FCA sets out its stall on benchmarking

FCA sets out its stall on benchmarking
What lessons can financial services firms take from the latest enforcement action relating to benchmarking? Victoria Turner, a solicitor specialising in financial regulation with Pannone, part of Slater and Gordon, believes the latest development hammers home the need for robust systems and controls to combat manipulation.

Original news

Press Release: Lloyds Banking Group fined £105m for serious LIBOR and other benchmark failings

Lloyds Bank and the Bank of Scotland have been fined £105m for serious misconduct relating to the Special Liquidity Scheme (SLS), the Repo Rate benchmark and the London Interbank Offered Rate (LIBOR). The banks, both part of the Lloyds Banking Group, were found to have attempted to manipulate the Repo Rate benchmark to reduce the fees payable to the Bank of England for their participation in the SLS, a scheme designed to support UK banks during the financial crisis.

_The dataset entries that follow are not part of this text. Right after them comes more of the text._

Lemma le_max_of_right_deriv (R : realType) (q dq : R -> R) c t0 t : t0 <= t ->
  (forall s, t0 < s -> {for s, continuous q}) ->
  (forall s, t0 <= s -> is_right_derive s q (dq s)) ->
  (forall s, t0 <= s -> c <= q s -> dq s <= 0) ->
  q t <= Num.max (q t0) c.
Proof.
move=> t0t qc qd dq_le; pose h s := Num.max (q s) c.
suff : h t <= h t0 by apply: le_trans; rewrite le_max lexx.
apply: right_dini_nonincreasing => // [s /andP[t0s _]|s /andP[t0s _] d d0].
  by apply: continuous_max; [exact: qc | exact: cvg_cst].
have [qsc|cqs] := ltP (q s) c.
  have qs'c := cvgr_lt _ (is_right_derive_cvg (qd s t0s)) c qsc.
  near=> s'; have ss' : s < s' by near: s'; exact: nbhs_right_gt.
  have : q s' < c by near: s'; exact: qs'c.
  rewrite /h (max_r (ltW qsc)) => /ltW /max_r ->.
  have ds : 0 < d * (s' - s) by rewrite mulr_gt0 // subr_gt0.
  lra.
have quot := cvgr_lt _ (qd s t0s) d (le_lt_trans (dq_le s t0s cqs) d0).
near=> s'; have ss' : s < s' by near: s'; exact: nbhs_right_gt.
have : (s' - s)^-1 *: (q s' - q s) < d by near: s'; exact: quot.
rewrite -[_ *: _]/(_ * _) mulrC ltr_pdivrMr ?subr_gt0 // => qs'.
have ds : 0 < d * (s' - s) by rewrite mulr_gt0 // subr_gt0.
by rewrite /h (max_l cqs) ge_max; apply/andP; split; lra.
Unshelve. all: by end_near. Qed.

(** * Symmetric bilinear forms *)

Section SymmetricBilinearForm.
Variables (R : realType) (V : normedModType R) (ip : V -> V -> R).
Hypothesis ipC : forall u v, ip u v = ip v u.
Hypothesis ip_linear : forall k u v w, ip (k *: u + v) w = k * ip u w + ip v w.

Lemma ipDl u v w : ip (u + v) w = ip u w + ip v w.
Proof. by rewrite -[u in LHS]scale1r ip_linear mul1r. Qed.

Lemma ip0l w : ip 0 w = 0.
Proof. by have := ipDl 0 0 w; rewrite addr0; lra. Qed.

Lemma ipZl k u w : ip (k *: u) w = k * ip u w.
Proof. by rewrite -[k *: u]addr0 ip_linear ip0l addr0. Qed.

Lemma ipNl u w : ip (- u) w = - ip u w.
Proof. by rewrite -scaleN1r ipZl mulN1r. Qed.

Lemma ipBl u v w : ip (u - v) w = ip u w - ip v w.
Proof. by rewrite ipDl ipNl. Qed.

Lemma ipDr u v w : ip w (u + v) = ip w u + ip w v.
Proof. by rewrite ipC ipDl ![ip _ w]ipC. Qed.

Lemma ipZr k u w : ip w (k *: u) = k * ip w u.
Proof. by rewrite ipC ipZl ipC. Qed.

Lemma ipNr u w : ip w (- u) = - ip w u.
Proof. by rewrite ipC ipNl ipC. Qed.

Lemma ipBr u v w : ip w (u - v) = ip w u - ip w v.
Proof. by rewrite ipDr ipNr. Qed.

Lemma ip0r w : ip w 0 = 0.
Proof. by rewrite ipC ip0l. Qed.

Lemma ip_addZ_self u v k :
  ip (u + k *: v) (u + k *: v) = ip u u + 2 * k * ip u v + k ^+ 2 * ip v v.
Proof. by rewrite ipDl !ipDr !ipZl !ipZr (ipC v u); ring. Qed.

(* The form need not induce the norm: on [X * Y] the norm is the max norm. *)
Variable K : R.
Hypothesis ip_bounded : forall u v, `|ip u v| <= K * (`|u| * `|v|).

Lemma cvg_ip T (F : set_system T) (FF : Filter F) (f g : T -> V) u v :
  f @ F --> u -> g @ F --> v -> (fun x => ip (f x) (g x)) @ F --> ip u v.
Proof.
move=> fu gv.
have dist0 (h : T -> V) w : h @ F --> w -> (fun x => `|h x - w|) @ F --> 0.
  move=> hw; rewrite -(@normr0 _ V); apply: cvg_norm.
  by rewrite -(subrr w); apply: cvgB => //; exact: cvg_cst.
have -> : (fun x => ip (f x) (g x)) =
    (fun x => ip u v + (ip (f x - u) (g x) + ip u (g x - v))).
  by apply/funext => x; rewrite ipBl ipBr; ring.
rewrite -[X in _ --> X]addr0; apply: cvgD; first exact: cvg_cst.
apply: (@norm_le_cvg0 _ _ _ _ _
  (fun x => K * (`|f x - u| * `|g x|) + K * (`|u| * `|g x - v|))).
  by apply: nearW => x; rewrite (le_trans (ler_normD _ _)) // lerD.
suff : (fun x => K * (`|f x - u| * `|g x|) + K * (`|u| * `|g x - v|)) @ F -->
    K * (0 * `|v|) + K * (`|u| * 0) by rewrite mul0r !mulr0 addr0.
apply: cvgD; apply: cvgM; try exact: cvg_cst; apply: cvgM.
- exact: dist0.
- exact: cvg_norm.
- exact: cvg_cst.
- exact: dist0.
Qed.

Lemma is_right_derive_ip t (f g : R -> V) df dg :
  is_right_derive t f df -> is_right_derive t g dg ->
  is_right_derive t (fun s => ip (f s) (g s)) (ip df (g t) + ip (f t) dg).
Proof.
move=> fd gd; rewrite /is_right_derive.
have -> : (fun s => (s - t)^-1 *: (ip (f s) (g s) - ip (f t) (g t))) =
    (fun s => ip ((s - t)^-1 *: (f s - f t)) (g s) + ip (f t) ((s - t)^-1 *: (g s - g t))).
  by apply/funext => s; rewrite ipZl ipZr ipBl ipBr -[_ *: _]/(_ * _); ring.
apply: cvgD; apply: cvg_ip => //; [exact: is_right_derive_cvg gd | exact: cvg_cst].
Qed.

Hypothesis ip_ge0 : forall u, 0 <= ip u u.

Lemma ip_self_sub_le u v : ip u u - ip v v <= 2 * ip (u - v) u.
Proof. by have := ip_ge0 (u - v); rewrite !ipBl !ipBr (ipC v u); lra. Qed.

Lemma ip_self_add_le u v : ip (u + v) (u + v) <= 2 * ip u u + 2 * ip v v.
Proof. by have := ip_ge0 (u - v); rewrite !ipBl !ipBr ipDl !ipDr (ipC v u); lra. Qed.

Lemma ip_ge0_of_le u v : ip v v <= ip (u - v) (u - v) -> 0 <= ip u (u - v).
Proof.
move=> vw; have := ip_ge0 u.
have -> : ip u u = ip (u - v) (u - v) + 2 * ip v (u - v) + ip v v.
  have {1 2}-> : u = (u - v) + v by rewrite subrK.
  by rewrite (ipDl (u - v)) !(ipDr (u - v) v) (ipC (u - v) v); ring.
have -> : ip u (u - v) = ip (u - v) (u - v) + ip v (u - v) by rewrite -ipDl subrK.
lra.
Qed.

Section Energy.
Variables (t0 t1 : R) (eps eps1 eps2 a : R -> R) (z dz : R -> V).
Hypothesis t0_lt_t1 : t0 < t1.
Hypothesis z_deriv : has_deriv_on t0 z dz.
Hypothesis dz_cont : cont_on t0 dz.
Hypothesis eps_deriv : has_deriv_on t0 eps eps1.
Hypothesis eps1_deriv : has_deriv_on t0 eps1 eps2.
Hypothesis a_deriv : forall t, t1 <= t -> is_derive t (1 : R) a (2 * eps t * a t).
Hypothesis a_ge0 : forall t, 0 <= a t.
Hypothesis eps_cond : forall t, t1 <= t -> 2 * eps t * eps1 t + eps2 t <= 0.

Let v t := dz t + eps t *: z t.
Hypothesis v_monotone : forall s t, t0 <= s -> t0 <= t -> ip (v s - v t) (z s - z t) <= 0.
Hypothesis v_right_lipschitz : forall t, t0 <= t ->
  exists L, \forall s \near t^'+, `|v s - v t| <= L * (s - t).

Let W t := a t * (ip (dz t) (dz t) + eps1 t * ip (z t) (z t)).

(* An upper bound for the difference quotient of W: monotonicity of v discards the
   term <v s' - v s, z s' - z s> / (s' - s)^2, which need not converge. *)
Let dW s s' := (s' - s)^-1 * (a s' - a s) * ip (dz s') (dz s')
  + 2 * a s * ip ((s' - s)^-1 *: (v s' - v s)) (dz s' - (s' - s)^-1 *: (z s' - z s))
  - 2 * a s * ip ((s' - s)^-1 *: (eps s' *: z s' - eps s *: z s)) (dz s')
  + (s' - s)^-1 * (a s' * eps1 s' * ip (z s') (z s') - a s * eps1 s * ip (z s) (z s)).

The Financial Conduct Authority (FCA) said while the LIBOR-related misconduct is similar to that of other banks, the attempted Repo Rate manipulation is ‘misconduct of a type that has not been seen in previous LIBOR cases’.

What is the background to the enforcement action in the UK and the US?

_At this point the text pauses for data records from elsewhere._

Lemma kmean_sGD i f Y : Y i != sStar -> kmean (P_sGD mu theta i) f Y =
  (piL mu theta (upds Y i sZero) * f (upds Y i sZero) +
   piL mu theta (upds Y i sOne) * f (upds Y i sOne)) /
  (piL mu theta (upds Y i sZero) + piL mu theta (upds Y i sOne)).
Proof.
move=> Y_i.
transitivity (\sum_Z (if agree_off i Y Z then
    (if Z i != sStar then tilt_cond mu theta i (contr Y) (Z i != sZero) else 0) * f Z
  else 0)).
  by apply: eq_bigr => Z _; rewrite /P_sGD (negbTE Y_i); case: agree_off; rewrite ?mul0r.
rewrite sum_agree_off sum_I3 !upds_at -[sZero != sStar]/true -[sStar != sStar]/false.
rewrite (@tilt_cond_piL Y i sZero); last by [].
rewrite (@tilt_cond_piL Y i sOne); last by [].
by rewrite mul0r addr0 mulrDl; congr (_ + _); apply: mulrAC.
Qed.

Lemma fibre_kmean_le (nu : {ffun sconf V -> R}) (f : sconf V -> R) i X :
  (forall Y, 0 <= nu Y) -> (forall Y, piL mu theta Y = 0 -> nu Y = 0) ->
  (forall Y Z, 0 < piL mu theta Y -> 0 < piL mu theta Z -> sle Y Z ->
     nu Y / piL mu theta Y <= nu Z / piL mu theta Z) ->
  (forall Y Z, sle Y Z -> f Y <= f Z) ->
  \sum_c nu (upds X i c) * kmean (P_piGD mu theta i) f (upds X i c)
  <= \sum_c nu (upds X i c) * kmean (P_sGD mu theta i) f (upds X i c).
Proof.
move=> nu_ge0 nu_supp nu_mono f_mono.
have cross (c : 'I_3) : (c <= sStar)%N ->
    nu (upds X i c) * piL mu theta (upds X i sStar)
    <= nu (upds X i sStar) * piL mu theta (upds X i c).
  move=> c_le; apply: ler_cross_of_ratio; rewrite ?piL_ge0 //; try exact: nu_supp.
  by move=> pc_gt0 pstar_gt0; apply: nu_mono => //; apply: sle_upds.
rewrite !sum_I3 !kmean_piGD !sum_I3 !upds_upds.
rewrite (@kmean_sGD_star i f (upds X i sStar)) ?upds_at //.
rewrite (@kmean_sGD i f (upds X i sZero)) ?upds_at //.
rewrite (@kmean_sGD i f (upds X i sOne)) ?upds_at //.
rewrite !upds_upds -!mulrDl.
apply: resample_top_mean_le; rewrite ?piL_ge0 ?cross //; try exact: nu_supp.
all: by apply: f_mono; apply: sle_upds.
Qed.

End Lift.

Theorem lemma7p1 (R : realType) (V : finType)
  (mu : {ffun bconf V -> R}) (theta : R) :
  is_distr mu -> 0 < theta < 1 ->
  forall (i : V) (nu : {ffun sconf V -> R}),
    is_distr nu ->
    (forall X, piL mu theta X = 0 -> nu X = 0) ->
    (forall X Y, 0 < piL mu theta X -> 0 < piL mu theta Y -> sle X Y ->
       nu X / piL mu theta X <= nu Y / piL mu theta Y) ->
    sd_le (push nu (P_piGD mu theta i)) (push nu (P_sGD mu theta i)).
Proof.
move=> mu_distr theta_range i nu [nu_ge0 _] nu_supp nu_mono f _ f_mono.
rewrite !push_kmean -(ler_pMn2r (isT : (0 < 3)%N)) -!(sum_upds i).
by apply: ler_sum => X _; apply: fibre_kmean_le.
Qed.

Since 2009, the FCA, its predecessor the Financial Services Authority (FSA) and other international regulators have been extensively investigating allegations of widespread attempts in the banking sector to manipulate benchmarks—specifically LIBOR.

The FCA (and the FSA), has now taken action against seven regulated firms and issued fines totalling over £500m in connection with misconduct relating to LIBOR. This includes the £105m fine issued to Lloyds Banking Group.

In relation to the enforcement action taken against Lloyds, the FCA’s Final Notice identifies two benchmarks which Lloyds is said to have manipulated.


A benchmark reference rate that is fundamental to the operation of both UK and international financial markets. At the relevant time relating to this particular fine, LIBOR was published in ten different currencies for 15 different maturities.